======== SOURCE RECORDS ========
(* Let $a,b,k$ be positive integers with $\gcd(a,b)=1$. Define $a_1=a$, $a_2=b$, and $a_n=ka_{n-1}+a_{n-2}$ for $n\ge 3$. Let $(x_n)_{n\ge1}$ be the sequence $1,1,1,2,2,2,1,1,1,2,2,2,\ldots$ and $(y_n)_{n\ge1}$ the sequence $2,2,2,1,1,1,2,2,2,1,1,1,\ldots$ (blocks of three, alternating). (1) If $k$ is even, then the sequence $(\Gamma(a_n,a_{n+1}))_{n\ge1}$ is constant. (2) If $k$ is odd: (a) if $a$ and $b$ are both odd, then $(\Gamma(a_n,a_{n+1}))_{n\ge 3}$ equals $(x_n)_{n\ge1}$ or $(y_n)_{n\ge1}$; (b) if $a$ is odd and $b$ is even, then $(\Gamma(a_n,a_{n+1}))_{n\ge 2}$ equals $(x_n)_{n\ge1}$ or $(y_n)_{n\ge1}$; (c) if $a$ is even and $b$ is odd, then $(\Gamma(a_n,a_{n+1}))_{n\ge 1}$ equals $(x_n)_{n\ge1}$ or $(y_n)_{n\ge1}$.
   Context: For relatively prime positive integers $p,q$, exactly one of the equations $px+qy=\frac{(p-1)(q-1)}{2}$ (Equation 1) and $px+qy+1=\frac{(p-1)(q-1)}{2}$ (Equation 2) has a solution in nonnegative integers $(x,y)$. For positive integers $a,b$ with $d=\gcd(a,b)$, $\Gamma(a,b)=1$ if Equation 1 with $(p,q)=(a/d,b/d)$ has a nonnegative integer solution, and $\Gamma(a,b)=2$ otherwise. A sequence indexed from $n\ge m$ ''equals'' $(x_n)_{n\ge1}$ means its $j$-th term (the one with index $n=m+j-1$) equals $x_j$ for all $j\ge1$. *)

From Stdlib Require Import ClassicalEpsilon.
From mathcomp Require Import all_boot.
Set Implicit Arguments. Unset Strict Implicit. Unset Printing Implicit Defensive.

(* Equation 1 for (p,q): p x + q y = (p-1)(q-1)/2 has a solution in nonnegative integers.
   (For coprime p,q the product (p-1)(q-1) is even, so %/2 is exact.) *)
Definition eq1_solvable (p q : nat) : Prop :=
  exists x y : nat, p * x + q * y = ((p - 1) * (q - 1)) %/ 2.

Definition Gamma (a b : nat) : nat :=
  let d := gcdn a b in
  if excluded_middle_informative (eq1_solvable (a %/ d) (b %/ d)) then 1 else 2.

(* rec k a b n = a_{n+1}, where a_1 = a, a_2 = b, a_n = k a_{n-1} + a_{n-2}. *)
Fixpoint rec_pair (k a b : nat) (n : nat) : nat * nat :=
  match n with
  | 0 => (a, b)
  | n'.+1 => let (u, v) := rec_pair k a b n' in (v, k * v + u)
  end.

(* aseq k a b n = a_n for n >= 1 (1-indexed; aseq k a b 0 is a dummy equal to a_1). *)
Definition aseq (k a b : nat) (n : nat) : nat := (rec_pair k a b n.-1).1.

Definition xseq (j : nat) : nat := if odd ((j - 1) %/ 3) then 2 else 1.
Definition yseq (j : nat) : nat := if odd ((j - 1) %/ 3) then 1 else 2.

Definition gseq_from (k a b m : nat) (s : nat -> nat) : Prop :=
  forall j, 1 <= j -> Gamma (aseq k a b (m + j - 1)) (aseq k a b (m + j)) = s j.

From mathcomp Require Import all_boot zify.
From Stdlib Require Import ClassicalEpsilon.

(* Write q = a_n and p = a_(n-1): passing to (a_n, a_(n+1)) = (q, p + k q) adds q to
   the second argument k times.  Adding an odd q = 2s+1 preserves the solvability of
   Equation 1, since (x, y) |-> (x + s - y, y) matches the solutions; adding an even q
   negates it.  So Gamma(a_n, a_(n+1)) flips exactly when k is odd and a_n is even.  For
   even k it never flips; for odd k the parity pattern of (a_n) is 3-periodic with one
   even term per period, so Gamma flips every third step. *)

Lemma eq1_solvable_sym p q : eq1_solvable p q <-> eq1_solvable q p.
Proof. by split=> -[x [y E]]; exists y, x; rewrite addnC E mulnC. Qed.

Lemma eq1_solvable_half p q c : (p - 1) * (q - 1) = c * 2 ->
  eq1_solvable p q <-> exists x y, p * x + q * y = c.
Proof. by move=> pq; rewrite /eq1_solvable pq mulnK. Qed.

Lemma eq1_solvable_addr_odd m r : odd m -> 0 < r ->
  eq1_solvable m (r + m) <-> eq1_solvable m r.
Proof.
move=> om r0; have [s ->] : exists s, m = 2 * s + 1 by exists m./2; lia.
rewrite (@eq1_solvable_half _ _ (s * (r + 2 * s))); last by nia.
rewrite (@eq1_solvable_half _ _ (s * (r - 1))); last by nia.
split=> -[x [y E]].
- have : s <= x + y by nia.
  by exists (x + y - s), y; nia.
- have : y <= s by nia.
  by exists (x + s - y), y; nia.
Qed.

Lemma coprime_linear_congruence p q c : 0 < p -> coprime p q ->
  exists2 y, y < p & p %| q * y + c.
Proof.
move=> p0 co; have [a _] := Bezoutl q p0; rewrite (eqP co) => dv.
exists (a * c %% p); first by rewrite ltn_mod.
rewrite /dvdn -modnDml modnMmr modnDml -/(dvdn _ _).
by rewrite (_ : q * (a * c) + c = c * (1 + a * q)) ?dvdn_mull //; lia.
Qed.

Lemma coprime_mul_mod_inj s q u v : coprime s q -> u < s -> v < s ->
  q * u = q * v %[mod s] -> u = v.
Proof.
move=> co us vs; wlog uv : u v us vs / u <= v => [hw|].
  by case: (leqP u v) => [|/ltnW] h E; [|symmetry]; apply: hw.
move/eqP; rewrite eq_sym eqn_mod_dvd ?leq_mul2l ?uv ?orbT // -mulnBr Gauss_dvdr //.
by case: (posnP (v - u)) => [|p /(dvdn_leq p)]; lia.
Qed.

Lemma eq1_solvable_evenE s t : 0 < s ->
  eq1_solvable (2 * s) (2 * t + 1) <-> exists x y, 2 * s * x + (2 * t + 1) * y = (2 * s - 1) * t.
Proof. by move=> s0; apply: eq1_solvable_half; nia. Qed.

Lemma eq1_solvable_even_excl s t : 0 < s -> coprime s (2 * t + 1) ->
  eq1_solvable (2 * s) (2 * t + 1) -> ~ eq1_solvable (2 * s) (2 * (t + s) + 1).
Proof.
(* Both equations force (2t+1) y = -t (mod s), hence the same y < s; comparing them
   then leaves s (2 (x' + y) + 1) = 2 s (s + x), a parity clash. *)
move=> s0 co /(eq1_solvable_evenE _ _ s0) [x [y E]] /(eq1_solvable_evenE _ _ s0) [x' [y' E']].
have ys : y < s by nia.
have y's : y' < s by nia.
have Ey : (2 * t + 1) * y + t = 0 %[mod s].
  by rewrite -(modnMDl (2 * x)) (_ : _ + _ = 2 * t * s) ?modnMl ?mod0n //; nia.
have Ey' : (2 * t + 1) * y' + t = 0 %[mod s].
  by rewrite -(modnMDl (2 * (x' + y') + 1)) (_ : _ + _ = 2 * (t + s) * s) ?modnMl ?mod0n //; nia.
have yy' : y = y'.
  by apply: coprime_mul_mod_inj co ys y's _; apply/eqP; rewrite -(eqn_modDr t) Ey Ey'.
subst y'; have : s * (2 * (x' + y) + 1) = s * (2 * s + 2 * x) by nia.
by move/eqP; rewrite eqn_pmul2l //; lia.
Qed.

Lemma eq1_solvable_even_cover s t : 0 < s -> coprime (2 * s) (2 * t + 1) ->
  eq1_solvable (2 * s) (2 * t + 1) \/ eq1_solvable (2 * s) (2 * (t + s) + 1).
Proof.
move=> s0 co; rewrite !eq1_solvable_evenE //.
have s2 : 0 < 2 * s by rewrite muln_gt0.
(* With (2t+1) y = -t (mod 2s) and y < 2s, the first equation is solved with this y
   when y < s, the second one with y - s otherwise. *)
have [y ys /dvdnP [M EM]] := coprime_linear_congruence _ _ t s2 co; clear co.
case: (ltnP y s) => ys'.
- left; have : M <= t by nia.
  by exists (t - M), y; nia.
- right; have [w yw] : exists w, y = s + w by exists (y - s); lia.
  subst y; have [x Ex] : exists x, M + w + x = 2 * t + s.
    by exists (2 * t + s - (M + w)); nia.
  by exists x, w; have := congr1 (muln (2 * s)) Ex; nia.
Qed.

Lemma eq1_solvable_addr_even m r : ~~ odd m -> 0 < m -> coprime m r ->
  eq1_solvable m (r + m) <-> ~ eq1_solvable m r.
Proof.
move=> em m0 co; have : coprime 2 r by apply: coprime_dvdl co; rewrite dvdn2.
rewrite coprime2n => or; move: co m0.
have [s ->] : exists s, m = 2 * s by exists m./2; lia.
have [t ->] : exists t, r = 2 * t + 1 by exists r./2; lia.
rewrite (_ : 2 * t + 1 + 2 * s = 2 * (t + s) + 1); last by lia.
rewrite muln_gt0 => co s0; split=> [E2 E1 | NE1].
- by apply: eq1_solvable_even_excl s0 _ E1 E2; apply: coprime_dvdl co; apply: dvdn_mull.
- by case: (eq1_solvable_even_cover _ _ s0 co).
Qed.

Lemma Gamma_sym a b : Gamma a b = Gamma b a.
Proof.
rewrite /Gamma gcdnC; move: (eq1_solvable_sym (a %/ gcdn b a) (b %/ gcdn b a)).
by do 2 case: excluded_middle_informative => ? /=; first [done | tauto].
Qed.

Lemma Gamma_1or2 a b : Gamma a b = 1 \/ Gamma a b = 2.
Proof. by rewrite /Gamma; case: excluded_middle_informative; [left | right]. Qed.

Lemma Gamma_congr a b c d : coprime a b -> coprime c d ->
  (eq1_solvable a b <-> eq1_solvable c d) -> Gamma a b = Gamma c d.
Proof.
rewrite /Gamma => /eqP -> /eqP -> E; rewrite !divn1.
by do 2 case: excluded_middle_informative => ? /=; first [done | tauto].
Qed.

Lemma Gamma_flip a b c d : coprime a b -> coprime c d ->
  (eq1_solvable a b <-> ~ eq1_solvable c d) -> Gamma a b = 3 - Gamma c d.
Proof.
rewrite /Gamma => /eqP -> /eqP -> E; rewrite !divn1.
by do 2 case: excluded_middle_informative => ? /=; first [done | tauto].
Qed.

Lemma coprime_addMr q p k : coprime q (p + k * q) = coprime q p.
Proof. by rewrite -coprime_modr addnC modnMDl coprime_modr. Qed.

Lemma Gamma_addr q p : 0 < q -> 0 < p -> coprime q p ->
  Gamma q (p + q) = if odd q then Gamma q p else 3 - Gamma q p.
Proof.
move=> q0 p0 co; have co' : coprime q (p + q) by rewrite -{2}(mul1n q) coprime_addMr.
case: ifP => oq.
- by apply: Gamma_congr => //; apply: eq1_solvable_addr_odd.
- by apply: Gamma_flip => //; apply: eq1_solvable_addr_even; rewrite ?oq.
Qed.

Lemma Gamma_addMr q p k : 0 < q -> 0 < p -> coprime q p ->
  Gamma q (p + k * q) = if odd k && ~~ odd q then 3 - Gamma q p else Gamma q p.
Proof.
move=> q0 p0 co; elim: k => [|k IH]; first by rewrite addn0.
rewrite mulSnr addnA Gamma_addr ?coprime_addMr ?addn_gt0 ?p0 // IH oddS.
by case: (odd q) (odd k) (Gamma_1or2 q p) => -[] [] ->.
Qed.

Lemma Gamma_mulDr p q k : 0 < p -> 0 < q -> coprime p q ->
  Gamma q (k * q + p) = if odd k && ~~ odd q then 3 - Gamma p q else Gamma p q.
Proof.
by move=> p0 q0 co; rewrite addnC Gamma_addMr 1?coprime_sym // Gamma_sym.
Qed.

Lemma aseq_rec k a b n : 0 < n -> aseq k a b n.+2 = k * aseq k a b n.+1 + aseq k a b n.
Proof. by case: n => // n _; rewrite /aseq /=; case: rec_pair. Qed.

Lemma aseq_gt0_coprime k a b n : 0 < a -> 0 < b -> coprime a b -> 0 < n ->
  [/\ 0 < aseq k a b n, 0 < aseq k a b n.+1 & coprime (aseq k a b n) (aseq k a b n.+1)].
Proof.
move=> a0 b0 co; elim: n => [|[|n] IH] // _; have [//|p0 q0 cop] := IH.
rewrite (aseq_rec k a b n.+1) //; split=> //; first by rewrite addn_gt0 p0 orbT.
by rewrite addnC coprime_addMr coprime_sym.
Qed.

Lemma Gamma_aseq_step k a b n : 0 < a -> 0 < b -> coprime a b -> 0 < n ->
  Gamma (aseq k a b n.+1) (aseq k a b n.+2) =
  if odd k && ~~ odd (aseq k a b n.+1) then 3 - Gamma (aseq k a b n) (aseq k a b n.+1)
  else Gamma (aseq k a b n) (aseq k a b n.+1).
Proof.
move=> a0 b0 co n0; have [p0 q0 cop] := aseq_gt0_coprime k a b n a0 b0 co n0.
by rewrite aseq_rec // Gamma_mulDr.
Qed.

Lemma odd_aseq_period3 k a b n : odd k -> 0 < n -> odd (aseq k a b n.+3) = odd (aseq k a b n).
Proof.
move=> ok n0; rewrite !aseq_rec // !(oddD, oddM) ok /=.
by case: (odd (aseq k a b n)); case: (odd (aseq k a b n.+1)).
Qed.

Lemma even_aseq_period3 k a b m : odd k -> 0 < m ->
  ~~ odd (aseq k a b m) -> odd (aseq k a b m.+1) ->
  forall i, ~~ odd (aseq k a b (m + i)) = (i %% 3 == 0).
Proof.
move=> ok m0 e0 e1.
have e2 : odd (aseq k a b m.+2) by rewrite aseq_rec // oddD oddM ok e1 (negbTE e0).
elim/ltn_ind=> -[|[|[|i]]] IH; rewrite ?addn0 ?addn1 ?addn2 ?e0 ?e1 ?e2 //.
by rewrite !addnS odd_aseq_period3 ?addn_gt0 ?m0 // IH //; lia.
Qed.

Lemma odd_divn3S j : 0 < j -> odd (j %/ 3) = (j %% 3 == 0) (+) odd (j.-1 %/ 3).
Proof.
move=> j0; case: eqP => h /=.
- by rewrite (_ : j %/ 3 = (j.-1 %/ 3).+1) ?oddS //; lia.
- by rewrite (_ : j %/ 3 = j.-1 %/ 3) //; lia.
Qed.

Lemma xseqS j : 0 < j -> xseq j.+1 = if j %% 3 == 0 then 3 - xseq j else xseq j.
Proof. by move=> j0; rewrite /xseq !subn1 /= odd_divn3S //; case: (_ == 0); case: odd. Qed.

Lemma yseqS j : 0 < j -> yseq j.+1 = if j %% 3 == 0 then 3 - yseq j else yseq j.
Proof. by move=> j0; rewrite /yseq !subn1 /= odd_divn3S //; case: (_ == 0); case: odd. Qed.

Lemma eq_xseq_or_yseq (G : nat -> nat) : G 1 = 1 \/ G 1 = 2 ->
  (forall j, 0 < j -> G j.+1 = if j %% 3 == 0 then 3 - G j else G j) ->
  (forall j, 0 < j -> G j = xseq j) \/ (forall j, 0 < j -> G j = yseq j).
Proof.
move=> [G1 | G1] GS; [left | right]; elim=> [//|[_ _ //|j IH _]].
- by rewrite GS // xseqS // IH.
- by rewrite GS // yseqS // IH.
Qed.

Lemma gseq_from_even_odd k a b m : 0 < a -> 0 < b -> coprime a b -> odd k -> 0 < m ->
  ~~ odd (aseq k a b m) -> odd (aseq k a b m.+1) ->
  gseq_from k a b m xseq \/ gseq_from k a b m yseq.
Proof.
move=> a0 b0 co ok m0 e0 e1.
apply: (eq_xseq_or_yseq (fun j => Gamma (aseq k a b (m + j - 1)) (aseq k a b (m + j)))).
  exact: Gamma_1or2.
move=> j j0; have [n mjn] : exists n, m + j = n.+1 by exists (m + j).-1; lia.
rewrite addnS mjn !subn1 /= Gamma_aseq_step // ?ok -?mjn ?even_aseq_period3 //; lia.
Qed.

Theorem theorem5p2 (a b k : nat) :
  0 < a -> 0 < b -> 0 < k -> coprime a b ->
  (~~ odd k -> exists c, forall n, 1 <= n ->
       Gamma (aseq k a b n) (aseq k a b n.+1) = c) /\
  (odd k ->
     (odd a -> odd b -> gseq_from k a b 3 xseq \/ gseq_from k a b 3 yseq) /\
     (odd a -> ~~ odd b -> gseq_from k a b 2 xseq \/ gseq_from k a b 2 yseq) /\
     (~~ odd a -> odd b -> gseq_from k a b 1 xseq \/ gseq_from k a b 1 yseq)).
Proof.
move=> a0 b0 _ co; split=> [ek | ok].
  exists (Gamma (aseq k a b 1) (aseq k a b 2)).
  by elim=> [//|[//|n] IH] _; rewrite Gamma_aseq_step // (negbTE ek) IH.
have a3 : aseq k a b 3 = k * b + a by rewrite aseq_rec.
have a4 : aseq k a b 4 = k * (k * b + a) + b by rewrite aseq_rec // a3.
split; [|split] => oa ob; apply: gseq_from_even_odd => //;
  rewrite ?a3 ?a4 /= !(oddD, oddM) ok; by move: oa ob; case: (odd a); case: (odd b).
Qed.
========
▸ **WHAT TO PRODUCE**:
Of the entries above, repeat exactly the lines from the line with "by rewrite aseq_rec // Gamma_mulDr." through the line with "(~~ odd k -> exists c, forall n, 1 <= n ->", both of them included.

▸ **YOUR RESPONSE**:
by rewrite aseq_rec // Gamma_mulDr.
Qed.

Lemma odd_aseq_period3 k a b n : odd k -> 0 < n -> odd (aseq k a b n.+3) = odd (aseq k a b n).
Proof.
move=> ok n0; rewrite !aseq_rec // !(oddD, oddM) ok /=.
by case: (odd (aseq k a b n)); case: (odd (aseq k a b n.+1)).
Qed.

Lemma even_aseq_period3 k a b m : odd k -> 0 < m ->
  ~~ odd (aseq k a b m) -> odd (aseq k a b m.+1) ->
  forall i, ~~ odd (aseq k a b (m + i)) = (i %% 3 == 0).
Proof.
move=> ok m0 e0 e1.
have e2 : odd (aseq k a b m.+2) by rewrite aseq_rec // oddD oddM ok e1 (negbTE e0).
elim/ltn_ind=> -[|[|[|i]]] IH; rewrite ?addn0 ?addn1 ?addn2 ?e0 ?e1 ?e2 //.
by rewrite !addnS odd_aseq_period3 ?addn_gt0 ?m0 // IH //; lia.
Qed.

Lemma odd_divn3S j : 0 < j -> odd (j %/ 3) = (j %% 3 == 0) (+) odd (j.-1 %/ 3).
Proof.
move=> j0; case: eqP => h /=.
- by rewrite (_ : j %/ 3 = (j.-1 %/ 3).+1) ?oddS //; lia.
- by rewrite (_ : j %/ 3 = j.-1 %/ 3) //; lia.
Qed.

Lemma xseqS j : 0 < j -> xseq j.+1 = if j %% 3 == 0 then 3 - xseq j else xseq j.
Proof. by move=> j0; rewrite /xseq !subn1 /= odd_divn3S //; case: (_ == 0); case: odd. Qed.

Lemma yseqS j : 0 < j -> yseq j.+1 = if j %% 3 == 0 then 3 - yseq j else yseq j.
Proof. by move=> j0; rewrite /yseq !subn1 /= odd_divn3S //; case: (_ == 0); case: odd. Qed.

Lemma eq_xseq_or_yseq (G : nat -> nat) : G 1 = 1 \/ G 1 = 2 ->
  (forall j, 0 < j -> G j.+1 = if j %% 3 == 0 then 3 - G j else G j) ->
  (forall j, 0 < j -> G j = xseq j) \/ (forall j, 0 < j -> G j = yseq j).
Proof.
move=> [G1 | G1] GS; [left | right]; elim=> [//|[_ _ //|j IH _]].
- by rewrite GS // xseqS // IH.
- by rewrite GS // yseqS // IH.
Qed.

Lemma gseq_from_even_odd k a b m : 0 < a -> 0 < b -> coprime a b -> odd k -> 0 < m ->
  ~~ odd (aseq k a b m) -> odd (aseq k a b m.+1) ->
  gseq_from k a b m xseq \/ gseq_from k a b m yseq.
Proof.
move=> a0 b0 co ok m0 e0 e1.
apply: (eq_xseq_or_yseq (fun j => Gamma (aseq k a b (m + j - 1)) (aseq k a b (m + j)))).
  exact: Gamma_1or2.
move=> j j0; have [n mjn] : exists n, m + j = n.+1 by exists (m + j).-1; lia.
rewrite addnS mjn !subn1 /= Gamma_aseq_step // ?ok -?mjn ?even_aseq_period3 //; lia.
Qed.

Theorem theorem5p2 (a b k : nat) :
  0 < a -> 0 < b -> 0 < k -> coprime a b ->
  (~~ odd k -> exists c, forall n, 1 <= n ->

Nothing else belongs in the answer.